MHR-Store: Content-Addressed Storage

MHR-Store is the storage layer of Mehr. Every piece of data is addressed by its content hash — if you know the hash, you can retrieve the data from anywhere in the network. Storage is maintained through bilateral agreements, verified through lightweight challenge-response proofs, and protected against data loss through erasure coding.

Data Objects

DataObject {
    hash: Blake3Hash,               // content hash = address
    content_type: enum { Immutable, Mutable, Ephemeral },
    owner: Option<NodeID>,          // for mutable objects
    created: Timestamp,
    ttl: Option<Duration>,          // for ephemeral objects
    size: u32,
    priority: enum { Critical, Normal, Lazy },
    min_bandwidth: u32,             // don't attempt transfer below this bps

    // Merkle tree root over 4 KB chunks (for verification)
    merkle_root: Blake3Hash,

    payload: enum {
        Inline(Vec<u8>),            // small objects (under 4 KB)
        Chunked([ChunkHash]),       // large objects (4 KB chunks)
    },
}

Content Types

Immutable

Once created, the content never changes.

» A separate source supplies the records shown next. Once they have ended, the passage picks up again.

(* Let $H$ be a complex Hilbert space, let $K \in \mathcal{L}(H)$ be a positive compact operator, and let $\eta$ be a positive real number with $\eta > \|K\|/2$. Then the operator $W := \eta I - K$ satisfies the property $\mathcal{AN}^*$.
   Context: $\mathcal{L}(H)$ is the space of bounded linear operators on $H$; positive means $\langle Kx,x\rangle \ge 0$ for all $x\in H$. For a closed subspace $M \neq \{0\}$ of $H$ and $T \in \mathcal{L}(H)$, write $[T|_M] := \inf\{\|Tx\| : x \in M, \|x\|=1\}$; $T|_M$ satisfies $\mathcal{N}^*$ if there is $x_0 \in M$ with $\|x_0\|=1$ and $\|Tx_0\| = [T|_M]$. $T$ satisfies the property $\mathcal{AN}^*$ if $T|_M$ satisfies $\mathcal{N}^*$ for every closed subspace $M \neq \{0\}$ of $H$. *)

From HB Require Import structures.
From mathcomp Require Import all_boot all_order all_algebra.
From mathcomp Require Import all_classical all_reals.
From mathcomp Require Import complex.
Set Implicit Arguments. Unset Strict Implicit. Unset Printing Implicit Defensive.
Import Order.TTheory GRing.Theory Num.Theory.
Local Open Scope ring_scope.
Local Open Scope classical_set_scope.

Section Hilbert.
Variables (R : realType) (H : lmodType R[i]) (ip : H -> H -> R[i]).

Definition hnorm (x : H) : R := Num.sqrt (complex.Re (ip x x)).

Definition is_inner_product : Prop :=
  [/\ (forall (a : R[i]) (x y z : H), ip (a *: x + y) z = a * ip x z + ip y z),
      (forall x y, ip y x = conjc (ip x y)),
      (forall x, 0 <= ip x x) &
      (forall x, ip x x = 0 -> x = 0)].

Definition hcauchy (u : nat -> H) : Prop :=
  forall e : R, 0 < e -> exists N : nat, forall m n : nat,
    (N <= m)%N -> (N <= n)%N -> hnorm (u m - u n) < e.

Definition hconverges (u : nat -> H) (l : H) : Prop :=
  forall e : R, 0 < e -> exists N : nat, forall n : nat,
    (N <= n)%N -> hnorm (u n - l) < e.

Definition hcomplete : Prop :=
  forall u : nat -> H, hcauchy u -> exists l, hconverges u l.

Definition is_hilbert : Prop := is_inner_product /\ hcomplete.

Definition bounded_linear (T : H -> H) : Prop :=
  (forall (a : R[i]) (x y : H), T (a *: x + y) = a *: T x + T y) /\
  (exists c : R, forall x, hnorm (T x) <= c * hnorm x).

Definition opnorm (T : H -> H) : R :=
  sup [set hnorm (T x) | x in [set x | hnorm x <= 1]].

(* positive operator: <Kx, x> >= 0 (in the order of C, i.e. real and nonnegative) *)
Definition positive_op (K : H -> H) : Prop := forall x, 0 <= ip (K x) x.

Definition compact_op (K : H -> H) : Prop :=
  forall u : nat -> H, (exists c : R, forall n, hnorm (u n) <= c) ->
  exists (phi : nat -> nat) (l : H),
    (forall n, (phi n < phi n.+1)%N) /\ hconverges (fun n => K (u (phi n))) l.

Definition closed_subspace (M : set H) : Prop :=
  [/\ M 0,
      (forall (a : R[i]) (x y : H), M x -> M y -> M (a *: x + y)) &
      (forall (u : nat -> H) (l : H), (forall n, M (u n)) -> hconverges u l -> M l)].

Definition restr_lower_bound (T : H -> H) (M : set H) : R :=
  inf [set hnorm (T x) | x in [set x | M x /\ hnorm x = 1]].

Definition N_star (T : H -> H) (M : set H) : Prop :=
  exists x0 : H, [/\ M x0, hnorm x0 = 1 & hnorm (T x0) = restr_lower_bound T M].

Definition AN_star (T : H -> H) : Prop :=
  forall M : set H, closed_subspace M -> M <> [set 0] -> N_star T M.

End Hilbert.

From HB Require Import structures.
From mathcomp Require Import all_boot all_order all_algebra.
From mathcomp Require Import all_classical all_reals.
From mathcomp Require Import complex.
From mathcomp Require Import ring lra.
Import Order.TTheory GRing.Theory Num.Theory.
Set Implicit Arguments. Unset Strict Implicit. Unset Printing Implicit Defensive.
Local Open Scope ring_scope.
Local Open Scope classical_set_scope.

(* With W := eta - K, positivity and Cauchy-Schwarz give
   |K x|^2 <= |K| <K x, x> <= 2 eta <K x, x>, so expanding |W x|^2 yields
   |W| <= eta; hence m := [W|_M] <= eta, and every unit vector of M attains m
   when m = eta.  If m < eta, take unit vectors y_n of M with |W y_n| -> m and,
   by compactness, K y_n convergent.  The quadratic form
   q v := |W v|^2 - m^2 |v|^2 is nonnegative on M, so the parallelogram law
   gives q (y_i - y_j) <= 2 q y_i + 2 q y_j -> 0, while
   q v >= (eta^2 - m^2) |v|^2 - 2 eta |K v| |v|.  Thus (y_n) is Cauchy and its
   limit is a unit vector of M at which |W .| equals m. *)

Lemma quad_ge0_discr (R : realFieldType) (a b c : R) :
  (forall t, 0 <= a + 2 * t * b + t ^+ 2 * c) -> 0 <= c -> b ^+ 2 <= a * c.
Proof.
move=> hq hc; have ha : 0 <= a by move: (hq 0); rewrite expr2; lra.
have [cp|c0] := ltP 0 c.
  have := hq (- (b / c)); set u := b / c.
  have -> : b = u * c by rewrite mulfVK ?gt_eqF.
  nra.
have {hc} c_eq0 : c = 0 by apply/le_anti; rewrite c0 hc.
subst c; rewrite mulr0; have [->|bn] := eqVneq b 0; first by rewrite expr0n.
have := hq (- (a + 1) / (2 * b)).
have -> : 2 * (- (a + 1) / (2 * b)) * b = - (a + 1) by field; rewrite bn.
lra.
Qed.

The hash is the permanent address. Used for: messages, posts, media files, contract code.

Mutable

The owner can publish updated versions, signed with their key. The highest sequence number wins. Any node can verify the signature. Used for: profiles, status updates, configuration.

Versioning rules:

Sequence numbers must be strictly monotonic — each update must have a higher sequence number than the previous one
Updates are only valid when signed by the owner's Ed25519 key
Fork detection: If two updates with the same sequence number but different content are observed (both validly signed), this is treated as evidence of key compromise or device cloning

Fork handling:

When a fork is detected (sequence N, two different content hashes, both validly signed):
  1. Record: store (object_key, sequence, both content hashes, detection_time)
  2. Block: reject new updates to this object from this owner for 24 hours
     or until a KeyCompromiseAdvisory with SignedByBoth evidence is received
  3. Gossip: include the fork evidence in the next gossip round as advisory
     metadata (both conflicting hashes + sequence). This is informational —
     receiving nodes independently verify and may apply their own block
  4. Dedup: fork records are retained for 7 days to prevent re-reporting
  5. Resolution: a KeyCompromiseAdvisory with SignedByBoth clears the block
     and allows the new key's updates to proceed. SignedByOldOnly does NOT
     clear the block (could be the attacker)

Ephemeral

Data with a time-to-live (TTL). Automatically garbage-collected after expiration. Used for: presence information, temporary caches, session data.

Storage Agreements

Storage on Mehr is maintained through bilateral agreements between data owners and storage nodes. This is how data stays alive on the network.

StorageAgreement {
    data_hash: Blake3Hash,          // what's being stored
    data_size: u32,                 // bytes
    provider: NodeID,               // who stores it
    consumer: NodeID,               // who pays for it
    payment_channel: ChannelID,     // bilateral channel
    cost_per_epoch: u64,            // MHR per epoch
    duration_epochs: u32,           // how long
    challenge_interval: u32,        // how often to verify (in gossip rounds)
    erasure_role: Option<ShardInfo>,// if part of an erasure-coded set

    // Revenue sharing — for content that earns from reader access
    kickback_recipient: Option<NodeID>,  // original author (receives share of retrieval fees)
    kickback_rate: u8,                   // 0-255: author's share of retrieval fee (rate/255)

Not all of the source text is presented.